Re: Make COPY format extendable: Extract COPY TO format implementations

From: Michael Paquier <michael(at)paquier(dot)xyz>
To: Junwang Zhao <zhjwpku(at)gmail(dot)com>
Cc: Masahiko Sawada <sawada(dot)mshk(at)gmail(dot)com>, Andrew Dunstan <andrew(at)dunslane(dot)net>, Sutou Kouhei <kou(at)clear-code(dot)com>, nathandbossart(at)gmail(dot)com, pgsql-hackers(at)postgresql(dot)org
Subject: Re: Make COPY format extendable: Extract COPY TO format implementations
Date: 2023-12-08 05:17:42
Message-ID: ZXKm9tmnSPIVrqZz@paquier.xyz
Views: Raw Message | Whole Thread | Download mbox | Resend email
Thread:
Lists: pgsql-hackers

On Fri, Dec 08, 2023 at 10:32:27AM +0800, Junwang Zhao wrote:
> I can see FDW related utility commands but no TABLESAMPLE related,
> and there is a pg_foreign_data_wrapper system catalog which has
> a *fdwhandler* field.

+ */ +CATALOG(pg_copy_handler,4551,CopyHandlerRelationId)

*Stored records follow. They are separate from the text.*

Lemma dquot_vec3_i_at0 {b c} : dom (v 0 b c) ->
  (F (v t b c) - F (v 0 b c)) / t @[t --> (0 : R)^'+] --> f i (v 0 b c).
Proof.
move=> dv; have := has_partial_at_right dv (f_grad _ dv i).
by under eq_fun do rewrite shift_vec3_i add0r.
Qed.

Lemma transfer_invariant a h c : 0 < a -> 0 < h -> 0 < c ->
  F (v a h c) - F (v a 0 (c + h)) = F (v 0 h c) - F (v 0 0 (c + h)).
Proof.
move=> a0 h0 c0.
pose u t := F (v t h c) - F (v t 0 (c + h)).
suff : u a = u 0 by rewrite /u; lra.
apply: derive0_eq_at0 => // [x x0|].
  have dxhc : dom (v x h c) by apply: dom_vec3 => //; lra.
  have dx0ch : dom (v x 0 (c + h)) by apply: dom_vec3 => //; lra.
  have -> : 0 = f i (v x h c) - f i (v x 0 (c + h)).
    by rewrite (f_vec3 _ dxhc) (f_vec3 _ dx0ch) !vec3_i addr0 -addrA [h + c]addrC subrr.
  exact: is_deriveB (is_derive_vec3_i x0 dxhc) (is_derive_vec3_i x0 dx0ch).
have d0hc : dom (v 0 h c) by apply: dom_vec3 => //; lra.
have d00ch : dom (v 0 0 (c + h)) by apply: dom_vec3 => //; lra.
have lim := cvgB (dquot_vec3_i_at0 d0hc) (dquot_vec3_i_at0 d00ch).
apply: (@right_continuous_dquot R u (f i (v 0 h c) - f i (v 0 0 (c + h)))).
suff -> : (fun t => (u t - u 0) / t) = (fun t =>
    (F (v t h c) - F (v 0 h c)) / t - (F (v t 0 (c + h)) - F (v 0 0 (c + h))) / t)
  by exact: lim.
by apply: funext => t; rewrite /u; ring.
Qed.

Lemma weighted_sum_vec3_l e : 0 < e -> F (v 0 0 e) = e * g l 1.
Proof.
move=> e0; have d00e : dom (v 0 0 e) by apply: dom_vec3 => //; lra.
have fl : f l (v 0 0 e) = g l 1.
  by rewrite (f_vec3 _ d00e) vec3_l // !add0r divff // gt_eqF.
by rewrite weighted_sum_vec3 fl !mul0r !add0r.
Qed.

Lemma g_ratio_eq_g1 a c : 0 < a -> 0 < c -> g l (c / (a + c)) = g l 1.
Proof.
move=> a0 c0.
have dac : dom (v a 0 c) by apply: dom_vec3 => //; lra.
have d0c : dom (v 0 0 c) by apply: dom_vec3 => //; lra.
have dj_ac := has_partial_at_right dac (f_grad _ dac j).
have dl_ac := has_partial_at_right dac (f_grad _ dac l).
have dj_0c := has_partial_at_right d0c (f_grad _ d0c j).
rewrite (f_vec3 _ dac) vec3_j // mul0r in dj_ac.
rewrite (f_vec3 _ dac) vec3_l // addr0 in dl_ac.
rewrite (f_vec3 _ d0c) vec3_j // mul0r in dj_0c.
have split_dquot : \forall h \near (0 : R)^'+,
    (F (Defs.shift (v a 0 c) l h) - F (v a 0 c)) / h +
    (F (Defs.shift (v 0 0 c) j h) - F (v 0 0 c)) / h - g l 1 =
    (F (Defs.shift (v a 0 c) j h) - F (v a 0 c)) / h.
  near=> h; have h0 : 0 < h by near: h; exact: nbhs_right_gt.
  rewrite !shift_vec3_j // shift_vec3_l // !add0r weighted_sum_vec3_l //.
  have := transfer_invariant a h c a0 h0 c0.
  rewrite weighted_sum_vec3_l; last by lra.
  move=> transfer.
  have -> : F (v a h c) = F (v a 0 (c + h)) + F (v 0 h c) - (c + h) * g l 1 by lra.
  by field; rewrite gt_eqF.
have lim : (F (Defs.shift (v a 0 c) j h) - F (v a 0 c)) / h @[h --> (0 : R)^'+]
    --> g l (c / (a + c)) + g j 0 - g l 1.
  exact: cvg_trans (near_eq_cvg split_dquot) (cvgB (cvgD dl_ac dj_0c) (cvg_cst _)).
have := cvg_lim (@Rhausdorff R) dj_ac; rewrite (cvg_lim (@Rhausdorff R) lim).
by move/(_ (at_right_proper_filter _)); lra.
Unshelve. all: by end_near.
Qed.

End Triple.

Lemma exists_two_others (hK : (3 <= K)%N) (k : 'I_K) :
  exists i j : 'I_K, [/\ i != j, i != k & j != k].
Proof.
have K0 : (0 < K)%N by apply: leq_trans hK.
have K1 : (1 < K)%N by apply: leq_trans hK.
pose o0 := Ordinal K0; pose o1 := Ordinal K1; pose o2 := Ordinal hK.
have [->|n0] := eqVneq k o0; first by exists o1, o2.
have [->|n1] := eqVneq k o1; first by exists o0, o2.
by exists o0, o1; rewrite !(eq_sym _ k).
Qed.

Lemma ratio_in_open01 (x y : R) : 0 < x -> 0 < y -> 0 < x / (x + y) < 1.
Proof. by move=> x0 y0; rewrite divr_gt0 ?ltr_pdivrMr ?mul1r ?addr_gt0 //= ltrDl. Qed.

Lemma g_itvoo_eq_g1 (hK : (3 <= K)%N) l y : 0 < y < 1 -> g l y = g l 1.
Proof.
move=> /andP[y0 y1]; have [i [j [ij il jl]]] := exists_two_others hK l.
have y'0 : 0 < 1 - y by lra.
have := g_ratio_eq_g1 ij il jl (1 - y) y y'0 y0.
by rewrite subrK divr1.
Qed.
Lemma twisted_hom_limg_irreducible : irreducible_sub rhoV (limg k).
Proof.
split.
- have [u0 ku0] := k_nz; apply: contraNneq ku0 => img0.
  by rewrite -memv0 -img0 memv_img ?memvf.
- move=> g; apply/subvP => _ /memv_imgP [_ /memv_imgP [u _ ->] ->].
  by have [g' <-] := a_surj g; rewrite -k_tw memv_img ?memvf.
move=> U' U'k U'_inv.
have [g u|pre0|preT] := @tau_irr (k @^-1: U')%VS.
- rewrite -!memv_preim k_tw => U'ku.
  exact: (subvP (U'_inv (a g))) _ (memv_img _ U'ku).
- left; apply/eqP; rewrite -subv0; apply/subvP => _ /[dup] /(subvP U'k) /memv_imgP [u _ ->].
  by rewrite [k u \in U']memv_preim pre0 !memv0 => /eqP->; rewrite linear0.
- right; apply/eqP; rewrite eqEsubv U'k; apply/subvP => _ /memv_imgP [u _ ->].
  by rewrite memv_preim preT memvf.
Qed.

Lemma isotypic_twisted_iso :
  exists M : 'Hom(U, Rr), bijective M /\ twisted_equivariant a tau (fun g => rhoR g) M.
Proof.
have [f [/eqP f_inj imf f_tw]] := V_isotypic twisted_hom_limg_irreducible.
have fK : {in limg k, cancel f^-1%VF f} by rewrite -imf; apply: limg_lfunVK.
have kK : {in limg f, cancel k^-1%VF k} by rewrite imf; apply: limg_lfunVK.
have f_img r : f r \in limg f by rewrite memv_img ?memvf.
have k_img u : k u \in limg k by rewrite memv_img ?memvf.
have f_eq g r : rhoV g (f r) = f (rhoR g r) by rewrite -!comp_lfunE f_tw.
exists (f^-1 \o k)%VF; split=> [|g u].
  exists (k^-1 \o f)%VF => [u|r]; rewrite !comp_lfunE.
    by rewrite fK // (lker0_lfunK twisted_hom_lker0).
  by rewrite kK // (lker0_lfunK f_inj).
by rewrite !comp_lfunE k_tw -{1}[k u]fK // f_eq (lker0_lfunK f_inj).
Qed.

End TwistedHom.

Lemma twisted_anti_iso_rep (U U' : vectType C) (tau : G -> U -> U)
    (tau' : G -> U' -> U') (d : U -> U') (s : U -> V) :
  irreducible_action tau' -> antilinear d -> bijective d ->
  (forall g u, d (tau g u) = tau' g (d u)) ->
  antilinear s -> twisted_equivariant a tau (fun g => rhoV g) s -> (exists u, s u != 0) ->
  exists B : U -> Rr,
    [/\ antilinear B, bijective B & twisted_equivariant a tau (fun g => rhoR g) B].
Proof.
move=> tau'_irr d_anti [c dK cK] d_eq s_anti s_tw [u su_nz].
have c_eq g x : c (tau' g x) = tau g (c x) by apply: (can_inj dK); rewrite cK d_eq cK.
pose k := linfun (s \o c).
have kE x : k x = s (c x).
  rewrite linfunE_linear // => z x' y /=.
  exact: (antilinear_comp_linear s_anti (antilinear_inv d_anti dK cK)).
have k_tw : twisted_equivariant a tau' (fun g => rhoV g) k.
  by move=> g x; rewrite !kE c_eq s_tw.
have k_nz : exists x, k x != 0 by exists (d u); rewrite kE dK.
have [M [M_bij M_tw]] := isotypic_twisted_iso tau'_irr k_tw k_nz.
exists (M \o d); split.
- exact: (lfun_antilinear d_anti M).
- exact: bij_comp M_bij (Bijective dK cK).
- by move=> g x /=; rewrite d_eq M_tw.
Qed.

End Isotypic.

Section AntiunitarySymmetry.
Variables (G : topologicalType) (mul : G -> G -> G) (inv : G -> G) (e : G).
Hypothesis group : [/\ associative mul, left_id e mul & left_inverse e inv mul].
Variable a : G -> G.
Hypothesis a_surj : forall g, exists g', a g' = g.
Variables (Rr : vectType C) (ipR : Rr -> Rr -> C) (rhoR : G -> 'End(Rr)).
Hypotheses (ipR_inner : is_inner_product ipR) (rhoR_unitary : unitary_rep mul e ipR rhoR).
Hypothesis R_irr : irreducible_action (fun g => rhoR g).
Variables (V : vectType C) (ipV : V -> V -> C) (rhoV : G -> 'End(V)).
Hypotheses (ipV_inner : is_inner_product ipV) (rhoV_unitary : unitary_rep mul e ipV rhoV).
Hypothesis V_isotypic : isotypic_of rhoR rhoV.

Lemma irreducible_action_dual : irreducible_action (dact inv rhoR).
Proof.
exact: (irreducible_action_antilinear (Cinv_antilinear ipR_inner) (Cinv_inj ipR_inner)
  (Cinv_equivariant ipR_inner group rhoR_unitary) R_irr).
Qed.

Using a catalog is an over-engineered design. Others have provided
hints about that upthread, but it would be enough to have one or two
handler types that are wrapped around one or two SQL *functions*, like
tablesamples. It seems like you've missed it, but feel free to read
about tablesample-method.sgml, that explains how this is achieved for
tablesamples.

> If we want extensions to create a new copy handler, I think
> something like pg_copy_hander should be necessary.

A catalog is not necessary, that's the point, because it can be
replaced by a scan of pg_proc with the function name defined in a COPY
query (be it through a FORMAT, or different option in a DefElem).
An example of extension with tablesamples is contrib/tsm_system_rows/,
that just uses a function returning a tsm_handler:
CREATE FUNCTION system_rows(internal)
RETURNS tsm_handler
AS 'MODULE_PATHNAME', 'tsm_system_rows_handler'
LANGUAGE C STRICT;

Then SELECT queries rely on the contents of the TABLESAMPLE clause to
find the set of callbacks it should use by calling the function.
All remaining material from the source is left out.